*What you are asked to do*
Tell how many lines below include the word "replace". Only the number should appear.

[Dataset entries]
(* Let $d\ge 1$, let $1<s<2^d$ with $s=j\cdot 2^k$, $j$ odd, $k\ge 0$. For $t\ge 0$ set $\lambda_t=\lambda^*(d+t,2^t s)$ and $c_t=\frac12-\frac{2^{d-k}-1}{2^{d+t+1}-1}$. Then for every $t\ge 0$, $\lambda_t\le \frac12+c_t\lambda_{t+1}$. More precisely, for every $n\ge d+t+1$ and every $A\subseteq\mathbb{F}_2^n$, \[\lambda^*(n,d+t,2^t s,A)\le \frac12+c_t\,\lambda^*(n,d+t+1,2^{t+1}s,A).\]
   Context: For integers $n\ge d\ge 1$, a $d$-flat in $\mathbb{F}_2^n$ is a set $x_0+U$ with $x_0\in\mathbb{F}_2^n$ and $U$ a $d$-dimensional linear subspace of $\mathbb{F}_2^n$. For $A\subseteq\mathbb{F}_2^n$ and an integer $0\le s\le 2^d$, $\lambda^*(n,d,s,A)$ denotes the fraction of $d$-flats $Q$ in $\mathbb{F}_2^n$ with $|Q\cap A|=s$. Let $\lambda^*(n,d,s)=\max_{A}\lambda^*(n,d,s,A)$ and $\lambda^*(d,s)=\lim_{n\to\infty}\lambda^*(n,d,s)$. *)

From HB Require Import structures.
From mathcomp Require Import all_boot all_order all_algebra.
Set Implicit Arguments. Unset Strict Implicit. Unset Printing Implicit Defensive.
Import Order.TTheory GRing.Theory Num.Theory.

Notation vec n := 'rV['F_2]_n.

Definition flat_of n (x0 : vec n) (U : 'M['F_2]_n) : {set vec n} :=
  [set x : vec n | ((x - x0)%R <= U)%MS].

Definition flats (n d : nat) : {set {set vec n}} :=
  [set Q : {set vec n} | [exists x0 : vec n, exists U : 'M['F_2]_n,
      (\rank U == d) && (Q == flat_of x0 U)]].

Definition lam (n d s : nat) (A : {set vec n}) : rat :=
  (#|[set Q in flats n d | #|Q :&: A| == s]|%:R / #|flats n d|%:R)%R.
Arguments lam n d s A : clear implicits.

From mathcomp Require Import all_boot all_order all_algebra.
From mathcomp Require Import zify ring.
Import Order.TTheory GRing.Theory Num.Theory.
Set Implicit Arguments. Unset Strict Implicit. Unset Printing Implicit Defensive.
Local Open Scope ring_scope.

(* A (D+1)-flat is the image of an injective affine map psi from F_2^(D+1), and
   its D-subflats are the images of the affine hyperplanes {y | y.f = e},
   f <> 0.  The affine group acts transitively on D-flats, so lambda^* may be
   computed as a fraction of such parameters.  Fix psi and let B be the
   pull-back of A.  The two hyperplanes y.f = 0 and y.f = 1 split B, so at most
   one of them meets B in S points unless |B| = 2S, and then both do only if
   f is balanced.  When 2S = j 2^a with j odd, no (a+1)-dimensional space of
   functionals is entirely balanced (double counting would give
   2^(a+1) | (2^(a+1) - 1) |B|), so the unbalanced functionals block every such
   space and number at least 2^(D+1-a) - 1. *)

Lemma F2_cases (c : 'F_2) : c = 0 \/ c = 1.
Proof. by case: c => [[|[|//]]] ?; [left|right]; apply/val_inj. Qed.

Lemma F2_add11 : (1 + 1 : 'F_2) = 0.
Proof. by apply/val_inj. Qed.

Lemma addrr_F2 m (v : 'rV['F_2]_m) : v + v = 0.
Proof.
apply/rowP => i; rewrite !mxE.
by case: (F2_cases (v 0 i)) => ->; rewrite ?addr0 ?F2_add11.
Qed.
(* Let $G$ be a finite unweighted undirected graph with $n$ nodes. Let $H$ be the spanning subgraph of $G$ obtained as follows: start with all nodes of $G$ and no edges; for each node $x$ of $G$, add to $H$ exactly $\lfloor n^{1/3} \rfloor$ edges of $G$ incident to $x$ (chosen arbitrarily), or, if $\deg_G(x) < \lfloor n^{1/3} \rfloor$, add all edges of $G$ incident to $x$. Then apply $6$-spanner-completion to $H$. Regardless of the choices made (of initial edges, of violating pairs, and of shortest paths), the resulting graph $H$ has at most $O(n^{4/3})$ edges.
   Context: For a graph $F$ and nodes $u,v$, $d_F(u,v)$ denotes the length (number of edges) of a shortest path from $u$ to $v$ in $F$ ($\infty$ if none exists). A spanning subgraph $H$ of $G$ is an additive $k$-spanner of $G$ if $d_H(u,v) \le d_G(u,v)+k$ for every pair of nodes $u,v$. The procedure $k$-spanner-completion applied to a spanning subgraph $H$ of $G$ is: as long as there exists a pair of nodes $u,v$ with $d_H(u,v) > d_G(u,v)+k$, pick such a pair, find a shortest path from $u$ to $v$ in $G$, and add all edges of this path to $H$. When it terminates, $H$ is an additive $k$-spanner of $G$. The $O(\cdot)$ bound refers to an absolute constant independent of $G$ and $n$. *)

(* A finite simple graph G is a symmetric irreflexive
   relation e on a finType T (nodes = T, n = #|T|). Edges are unordered
   pairs, represented as 2-element sets [set x; y]. A spanning subgraph H
   is given by its edge set H : {set {set T}}. *)
From mathcomp Require Import all_boot all_order.
Set Implicit Arguments. Unset Strict Implicit. Unset Printing Implicit Defensive.
Theorem lemma4p2 : forall n : nat, (1 <= n)%nat ->
  p n * p (n + 1) < g n /\ g n < p n * p (n + 1) * p (n + 2).
Proof.
  intros n Hn. induction n as [|m IH]; [lia|].
  destruct (Nat.eq_dec m 0) as [->|Hm]; [exact g1_bounds|].
  replace (S m) with (m + 1)%nat by lia.
  replace (m + 1 + 1)%nat with (m + 2)%nat by lia.
  replace (m + 1 + 2)%nat with (m + 3)%nat by lia.
  apply g_bounds_step; [lia|].
  apply IH. lia.
Qed.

*Response area*
3